• INPUT:
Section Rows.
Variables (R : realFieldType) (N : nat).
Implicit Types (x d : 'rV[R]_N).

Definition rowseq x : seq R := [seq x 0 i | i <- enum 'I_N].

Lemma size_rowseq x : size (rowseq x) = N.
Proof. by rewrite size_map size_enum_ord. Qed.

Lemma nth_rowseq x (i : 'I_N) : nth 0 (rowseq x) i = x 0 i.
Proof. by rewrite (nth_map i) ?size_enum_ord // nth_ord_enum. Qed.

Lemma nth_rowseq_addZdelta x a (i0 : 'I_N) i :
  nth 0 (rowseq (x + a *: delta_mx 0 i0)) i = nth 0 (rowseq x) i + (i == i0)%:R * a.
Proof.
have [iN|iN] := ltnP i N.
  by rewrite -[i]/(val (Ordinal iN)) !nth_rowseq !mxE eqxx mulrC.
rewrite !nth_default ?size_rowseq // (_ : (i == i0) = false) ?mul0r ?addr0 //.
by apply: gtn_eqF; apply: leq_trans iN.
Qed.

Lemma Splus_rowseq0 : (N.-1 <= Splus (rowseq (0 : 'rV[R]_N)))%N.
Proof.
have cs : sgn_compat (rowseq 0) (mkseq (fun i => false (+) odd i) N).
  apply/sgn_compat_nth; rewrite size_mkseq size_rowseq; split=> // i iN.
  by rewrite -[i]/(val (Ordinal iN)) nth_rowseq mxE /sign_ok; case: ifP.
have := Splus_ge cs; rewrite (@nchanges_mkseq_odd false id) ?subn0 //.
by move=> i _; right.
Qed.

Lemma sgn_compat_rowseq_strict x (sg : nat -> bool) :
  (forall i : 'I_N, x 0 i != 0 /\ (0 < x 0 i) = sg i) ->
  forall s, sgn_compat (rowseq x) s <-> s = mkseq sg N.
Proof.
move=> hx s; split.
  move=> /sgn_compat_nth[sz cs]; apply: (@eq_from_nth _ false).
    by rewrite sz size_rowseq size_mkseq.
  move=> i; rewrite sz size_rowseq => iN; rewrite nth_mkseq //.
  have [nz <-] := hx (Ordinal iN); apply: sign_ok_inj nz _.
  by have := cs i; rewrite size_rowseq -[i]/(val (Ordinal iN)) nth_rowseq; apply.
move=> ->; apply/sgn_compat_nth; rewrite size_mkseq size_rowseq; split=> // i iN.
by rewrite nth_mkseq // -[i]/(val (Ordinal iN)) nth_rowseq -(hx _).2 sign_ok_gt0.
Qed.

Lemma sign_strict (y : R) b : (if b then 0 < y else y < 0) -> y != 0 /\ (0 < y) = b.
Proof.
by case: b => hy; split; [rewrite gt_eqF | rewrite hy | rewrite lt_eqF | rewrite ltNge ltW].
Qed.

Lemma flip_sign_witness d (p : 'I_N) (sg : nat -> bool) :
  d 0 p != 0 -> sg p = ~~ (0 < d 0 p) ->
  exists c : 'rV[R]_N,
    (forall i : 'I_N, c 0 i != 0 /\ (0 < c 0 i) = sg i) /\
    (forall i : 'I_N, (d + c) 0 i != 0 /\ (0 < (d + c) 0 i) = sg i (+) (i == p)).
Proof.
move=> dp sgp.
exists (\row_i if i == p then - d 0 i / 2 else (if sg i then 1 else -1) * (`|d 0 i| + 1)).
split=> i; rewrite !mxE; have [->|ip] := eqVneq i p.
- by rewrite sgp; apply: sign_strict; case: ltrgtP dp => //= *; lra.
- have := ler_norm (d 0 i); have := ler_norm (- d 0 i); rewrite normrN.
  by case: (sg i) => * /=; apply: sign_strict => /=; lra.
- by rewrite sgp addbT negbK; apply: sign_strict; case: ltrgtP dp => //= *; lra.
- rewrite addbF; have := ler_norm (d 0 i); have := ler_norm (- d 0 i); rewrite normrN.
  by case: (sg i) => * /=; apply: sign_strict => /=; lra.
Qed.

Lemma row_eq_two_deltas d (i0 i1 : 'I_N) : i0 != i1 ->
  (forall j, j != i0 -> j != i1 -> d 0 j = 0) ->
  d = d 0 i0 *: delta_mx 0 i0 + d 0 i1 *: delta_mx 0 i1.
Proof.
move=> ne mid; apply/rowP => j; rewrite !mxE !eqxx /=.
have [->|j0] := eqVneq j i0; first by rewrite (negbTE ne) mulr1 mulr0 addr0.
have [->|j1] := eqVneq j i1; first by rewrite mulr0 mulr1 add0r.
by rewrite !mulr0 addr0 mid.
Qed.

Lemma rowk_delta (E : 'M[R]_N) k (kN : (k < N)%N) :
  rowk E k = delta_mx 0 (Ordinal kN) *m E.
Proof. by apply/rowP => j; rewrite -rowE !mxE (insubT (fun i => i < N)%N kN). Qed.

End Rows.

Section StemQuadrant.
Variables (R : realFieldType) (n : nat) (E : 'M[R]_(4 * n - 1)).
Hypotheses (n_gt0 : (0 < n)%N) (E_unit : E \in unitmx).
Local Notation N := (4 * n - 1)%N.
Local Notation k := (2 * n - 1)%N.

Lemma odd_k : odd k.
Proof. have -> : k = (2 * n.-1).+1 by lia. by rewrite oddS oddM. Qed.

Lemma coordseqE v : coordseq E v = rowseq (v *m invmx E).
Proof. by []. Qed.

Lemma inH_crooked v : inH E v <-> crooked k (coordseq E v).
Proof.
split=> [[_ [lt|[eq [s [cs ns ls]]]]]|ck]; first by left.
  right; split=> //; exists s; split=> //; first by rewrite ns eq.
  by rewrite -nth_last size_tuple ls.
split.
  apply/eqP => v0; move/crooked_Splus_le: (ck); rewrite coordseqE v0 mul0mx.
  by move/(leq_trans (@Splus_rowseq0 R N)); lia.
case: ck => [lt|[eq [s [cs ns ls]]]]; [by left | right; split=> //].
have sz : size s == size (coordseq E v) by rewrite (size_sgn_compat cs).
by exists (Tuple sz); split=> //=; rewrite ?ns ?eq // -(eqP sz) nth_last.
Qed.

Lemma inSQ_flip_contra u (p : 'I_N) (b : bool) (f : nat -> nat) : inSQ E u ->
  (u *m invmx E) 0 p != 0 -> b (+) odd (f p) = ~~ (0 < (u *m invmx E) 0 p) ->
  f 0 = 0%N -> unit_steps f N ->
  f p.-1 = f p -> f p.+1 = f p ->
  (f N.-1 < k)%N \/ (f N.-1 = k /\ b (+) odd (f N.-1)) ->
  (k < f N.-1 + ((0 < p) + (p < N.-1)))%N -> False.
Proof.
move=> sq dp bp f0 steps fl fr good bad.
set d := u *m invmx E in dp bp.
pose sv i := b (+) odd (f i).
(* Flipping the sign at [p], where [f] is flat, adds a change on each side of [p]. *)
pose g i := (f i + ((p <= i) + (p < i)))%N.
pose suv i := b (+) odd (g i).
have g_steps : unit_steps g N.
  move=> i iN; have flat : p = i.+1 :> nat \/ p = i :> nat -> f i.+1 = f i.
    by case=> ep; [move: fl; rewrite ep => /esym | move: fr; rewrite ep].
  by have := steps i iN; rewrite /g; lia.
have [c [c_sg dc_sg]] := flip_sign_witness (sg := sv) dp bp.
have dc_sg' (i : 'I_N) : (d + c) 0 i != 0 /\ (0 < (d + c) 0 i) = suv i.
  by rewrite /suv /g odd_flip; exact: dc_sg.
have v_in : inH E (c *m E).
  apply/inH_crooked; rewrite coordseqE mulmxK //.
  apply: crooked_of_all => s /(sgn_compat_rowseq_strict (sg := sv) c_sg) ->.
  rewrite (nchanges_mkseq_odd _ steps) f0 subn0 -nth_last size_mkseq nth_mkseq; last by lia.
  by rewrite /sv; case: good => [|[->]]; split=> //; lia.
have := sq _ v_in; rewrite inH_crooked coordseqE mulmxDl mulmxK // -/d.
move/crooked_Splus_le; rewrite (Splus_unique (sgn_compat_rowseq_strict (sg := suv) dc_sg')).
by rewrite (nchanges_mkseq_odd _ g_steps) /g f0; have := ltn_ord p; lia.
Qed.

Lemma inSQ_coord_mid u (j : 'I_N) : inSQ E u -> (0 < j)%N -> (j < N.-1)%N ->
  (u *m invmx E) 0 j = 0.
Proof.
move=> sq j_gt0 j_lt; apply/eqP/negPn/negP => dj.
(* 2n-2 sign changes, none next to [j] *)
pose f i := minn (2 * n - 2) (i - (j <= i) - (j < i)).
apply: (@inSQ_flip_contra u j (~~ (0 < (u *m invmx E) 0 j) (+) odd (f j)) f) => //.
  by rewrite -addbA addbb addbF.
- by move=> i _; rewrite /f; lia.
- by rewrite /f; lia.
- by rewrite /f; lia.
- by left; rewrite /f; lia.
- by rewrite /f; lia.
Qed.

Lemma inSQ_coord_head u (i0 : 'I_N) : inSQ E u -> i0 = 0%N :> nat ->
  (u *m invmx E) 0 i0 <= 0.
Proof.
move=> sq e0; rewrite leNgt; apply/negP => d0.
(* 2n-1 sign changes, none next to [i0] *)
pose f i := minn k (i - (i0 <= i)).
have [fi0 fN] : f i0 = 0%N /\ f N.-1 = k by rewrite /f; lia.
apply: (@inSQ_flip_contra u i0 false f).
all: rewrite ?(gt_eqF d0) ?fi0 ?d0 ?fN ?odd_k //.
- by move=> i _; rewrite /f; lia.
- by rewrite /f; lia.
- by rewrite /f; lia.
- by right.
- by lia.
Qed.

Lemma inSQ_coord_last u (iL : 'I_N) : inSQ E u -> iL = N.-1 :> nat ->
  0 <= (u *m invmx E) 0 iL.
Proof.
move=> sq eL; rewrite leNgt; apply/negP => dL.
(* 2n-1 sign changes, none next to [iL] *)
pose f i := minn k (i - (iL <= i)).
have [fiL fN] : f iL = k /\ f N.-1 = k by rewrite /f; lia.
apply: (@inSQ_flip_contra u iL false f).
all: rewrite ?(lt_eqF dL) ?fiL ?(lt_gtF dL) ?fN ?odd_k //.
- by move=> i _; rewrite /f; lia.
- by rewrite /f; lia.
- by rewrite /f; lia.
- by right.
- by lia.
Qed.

==

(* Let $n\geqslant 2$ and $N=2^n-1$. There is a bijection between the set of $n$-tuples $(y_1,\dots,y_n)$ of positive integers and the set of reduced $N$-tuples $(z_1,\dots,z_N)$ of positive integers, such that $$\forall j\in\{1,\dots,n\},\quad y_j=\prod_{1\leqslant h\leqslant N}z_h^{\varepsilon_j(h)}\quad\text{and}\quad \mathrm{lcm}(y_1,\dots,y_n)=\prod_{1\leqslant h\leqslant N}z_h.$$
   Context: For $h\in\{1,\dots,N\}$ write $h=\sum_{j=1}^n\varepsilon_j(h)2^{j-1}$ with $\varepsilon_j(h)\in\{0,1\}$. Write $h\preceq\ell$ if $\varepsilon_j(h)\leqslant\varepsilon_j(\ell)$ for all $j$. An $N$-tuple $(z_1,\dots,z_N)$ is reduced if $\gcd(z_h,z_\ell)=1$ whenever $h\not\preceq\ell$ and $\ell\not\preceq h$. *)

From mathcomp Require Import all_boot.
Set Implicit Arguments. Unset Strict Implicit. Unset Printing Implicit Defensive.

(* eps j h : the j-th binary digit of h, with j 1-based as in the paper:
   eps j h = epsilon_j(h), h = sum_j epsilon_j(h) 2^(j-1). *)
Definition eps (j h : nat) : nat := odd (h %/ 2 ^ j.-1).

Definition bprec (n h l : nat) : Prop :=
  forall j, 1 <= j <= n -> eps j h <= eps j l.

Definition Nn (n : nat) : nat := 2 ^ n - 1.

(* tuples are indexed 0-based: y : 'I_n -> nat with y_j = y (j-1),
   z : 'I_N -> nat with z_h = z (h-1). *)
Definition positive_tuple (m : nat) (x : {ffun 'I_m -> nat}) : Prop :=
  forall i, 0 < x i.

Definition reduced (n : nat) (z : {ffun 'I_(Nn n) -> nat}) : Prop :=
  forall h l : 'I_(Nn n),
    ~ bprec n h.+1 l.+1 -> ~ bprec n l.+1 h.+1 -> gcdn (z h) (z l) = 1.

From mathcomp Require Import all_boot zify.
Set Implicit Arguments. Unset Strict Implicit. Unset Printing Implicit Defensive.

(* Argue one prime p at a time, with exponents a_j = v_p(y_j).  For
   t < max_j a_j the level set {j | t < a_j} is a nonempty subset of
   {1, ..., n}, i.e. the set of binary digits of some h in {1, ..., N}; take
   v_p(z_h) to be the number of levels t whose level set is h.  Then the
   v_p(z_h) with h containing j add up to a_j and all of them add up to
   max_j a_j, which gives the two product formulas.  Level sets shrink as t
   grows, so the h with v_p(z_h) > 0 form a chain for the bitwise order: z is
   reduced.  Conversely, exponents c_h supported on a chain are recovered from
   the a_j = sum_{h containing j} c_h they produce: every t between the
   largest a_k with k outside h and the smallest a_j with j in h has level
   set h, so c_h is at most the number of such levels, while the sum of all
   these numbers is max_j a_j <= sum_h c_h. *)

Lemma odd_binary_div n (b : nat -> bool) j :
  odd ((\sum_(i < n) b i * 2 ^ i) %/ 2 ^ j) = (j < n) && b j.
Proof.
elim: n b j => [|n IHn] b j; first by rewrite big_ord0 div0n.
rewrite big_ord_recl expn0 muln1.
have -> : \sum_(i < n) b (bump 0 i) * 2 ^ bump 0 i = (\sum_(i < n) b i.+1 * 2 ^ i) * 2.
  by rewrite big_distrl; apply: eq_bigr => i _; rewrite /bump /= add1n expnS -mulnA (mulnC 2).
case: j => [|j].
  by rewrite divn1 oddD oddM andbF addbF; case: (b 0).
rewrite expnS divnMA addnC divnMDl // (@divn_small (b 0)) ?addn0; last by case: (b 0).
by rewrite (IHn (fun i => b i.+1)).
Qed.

* * *

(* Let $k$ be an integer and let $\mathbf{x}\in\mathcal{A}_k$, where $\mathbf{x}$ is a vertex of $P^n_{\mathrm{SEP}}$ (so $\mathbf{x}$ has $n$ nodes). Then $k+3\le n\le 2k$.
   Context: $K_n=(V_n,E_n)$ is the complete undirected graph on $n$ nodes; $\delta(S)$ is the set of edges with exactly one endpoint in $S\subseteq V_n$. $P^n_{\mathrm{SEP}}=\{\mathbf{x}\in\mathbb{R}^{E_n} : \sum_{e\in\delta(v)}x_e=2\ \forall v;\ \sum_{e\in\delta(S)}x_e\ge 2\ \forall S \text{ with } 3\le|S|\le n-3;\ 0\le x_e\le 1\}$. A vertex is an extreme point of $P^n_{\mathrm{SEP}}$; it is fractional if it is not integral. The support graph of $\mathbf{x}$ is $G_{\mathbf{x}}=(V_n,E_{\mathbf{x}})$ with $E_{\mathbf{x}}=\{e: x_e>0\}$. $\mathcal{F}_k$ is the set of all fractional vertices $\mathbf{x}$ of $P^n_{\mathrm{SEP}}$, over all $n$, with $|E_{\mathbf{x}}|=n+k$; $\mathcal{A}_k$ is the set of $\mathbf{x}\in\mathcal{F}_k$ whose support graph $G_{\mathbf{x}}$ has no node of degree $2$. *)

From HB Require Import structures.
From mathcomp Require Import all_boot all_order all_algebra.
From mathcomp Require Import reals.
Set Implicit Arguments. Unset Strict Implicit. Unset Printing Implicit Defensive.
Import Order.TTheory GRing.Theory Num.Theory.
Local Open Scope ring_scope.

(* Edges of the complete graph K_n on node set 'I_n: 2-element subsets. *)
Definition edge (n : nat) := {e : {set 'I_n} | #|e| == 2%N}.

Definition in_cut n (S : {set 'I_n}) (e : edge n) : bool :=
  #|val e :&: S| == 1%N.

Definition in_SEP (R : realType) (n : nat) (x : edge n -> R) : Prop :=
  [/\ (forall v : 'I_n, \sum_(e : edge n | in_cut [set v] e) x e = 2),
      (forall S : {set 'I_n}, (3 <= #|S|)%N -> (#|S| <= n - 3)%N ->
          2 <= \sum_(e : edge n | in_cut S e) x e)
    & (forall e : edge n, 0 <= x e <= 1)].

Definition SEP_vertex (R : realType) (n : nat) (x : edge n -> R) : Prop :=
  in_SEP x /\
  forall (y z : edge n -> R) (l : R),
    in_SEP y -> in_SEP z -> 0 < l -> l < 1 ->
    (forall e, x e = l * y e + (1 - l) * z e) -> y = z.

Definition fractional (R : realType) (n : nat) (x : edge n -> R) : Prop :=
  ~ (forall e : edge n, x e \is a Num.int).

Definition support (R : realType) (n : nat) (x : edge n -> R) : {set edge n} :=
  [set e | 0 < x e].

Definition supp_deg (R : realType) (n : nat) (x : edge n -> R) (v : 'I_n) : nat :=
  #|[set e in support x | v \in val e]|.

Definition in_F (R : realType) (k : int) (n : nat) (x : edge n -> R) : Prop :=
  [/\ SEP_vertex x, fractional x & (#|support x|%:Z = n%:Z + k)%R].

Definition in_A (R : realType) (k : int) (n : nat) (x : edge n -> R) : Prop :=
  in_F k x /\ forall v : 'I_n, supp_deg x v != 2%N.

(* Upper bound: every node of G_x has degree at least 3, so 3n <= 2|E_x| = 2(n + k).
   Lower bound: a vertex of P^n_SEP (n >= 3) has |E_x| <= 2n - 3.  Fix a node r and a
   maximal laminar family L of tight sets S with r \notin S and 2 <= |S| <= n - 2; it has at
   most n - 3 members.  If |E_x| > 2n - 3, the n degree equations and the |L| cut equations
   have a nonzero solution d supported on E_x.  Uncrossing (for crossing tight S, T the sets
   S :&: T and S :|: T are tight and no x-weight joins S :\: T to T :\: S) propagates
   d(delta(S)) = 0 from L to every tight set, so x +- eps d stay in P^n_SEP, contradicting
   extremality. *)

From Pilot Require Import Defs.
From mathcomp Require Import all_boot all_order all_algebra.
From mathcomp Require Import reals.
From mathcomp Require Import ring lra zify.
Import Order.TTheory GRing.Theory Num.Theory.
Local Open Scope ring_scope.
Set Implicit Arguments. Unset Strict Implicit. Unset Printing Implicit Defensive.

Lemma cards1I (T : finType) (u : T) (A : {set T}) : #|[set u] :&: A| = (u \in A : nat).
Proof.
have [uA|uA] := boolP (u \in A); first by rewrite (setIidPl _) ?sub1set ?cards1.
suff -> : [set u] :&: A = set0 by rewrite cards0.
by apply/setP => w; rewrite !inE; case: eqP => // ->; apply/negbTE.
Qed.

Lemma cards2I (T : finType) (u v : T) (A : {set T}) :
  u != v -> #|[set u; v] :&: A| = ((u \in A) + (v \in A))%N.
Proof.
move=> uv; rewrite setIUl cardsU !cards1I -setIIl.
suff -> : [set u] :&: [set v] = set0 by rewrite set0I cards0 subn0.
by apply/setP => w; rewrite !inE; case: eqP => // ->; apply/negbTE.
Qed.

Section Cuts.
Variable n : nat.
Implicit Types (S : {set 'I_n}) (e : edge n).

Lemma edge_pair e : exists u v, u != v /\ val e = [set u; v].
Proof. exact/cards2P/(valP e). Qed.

• PROBLEM TO WORK ON: Return, unchanged, the run of lines above that opens with the line containing "From mathcomp Require Import ring lra zify." and closes with the line containing "suff -> : [set u] :&: [set". Include both.

• EXERCISE OUTPUT:
From mathcomp Require Import ring lra zify.
Import Order.TTheory GRing.Theory Num.Theory.
Local Open Scope ring_scope.
Set Implicit Arguments. Unset Strict Implicit. Unset Printing Implicit Defensive.

Lemma cards1I (T : finType) (u : T) (A : {set T}) : #|[set u] :&: A| = (u \in A : nat).
Proof.
have [uA|uA] := boolP (u \in A); first by rewrite (setIidPl _) ?sub1set ?cards1.
suff -> : [set u] :&: A = set0 by rewrite cards0.
by apply/setP => w; rewrite !inE; case: eqP => // ->; apply/negbTE.
Qed.

Lemma cards2I (T : finType) (u v : T) (A : {set T}) :
  u != v -> #|[set u; v] :&: A| = ((u \in A) + (v \in A))%N.
Proof.
move=> uv; rewrite setIUl cardsU !cards1I -setIIl.
suff -> : [set u] :&: [set v] = set0 by rewrite set0I cards0 subn0.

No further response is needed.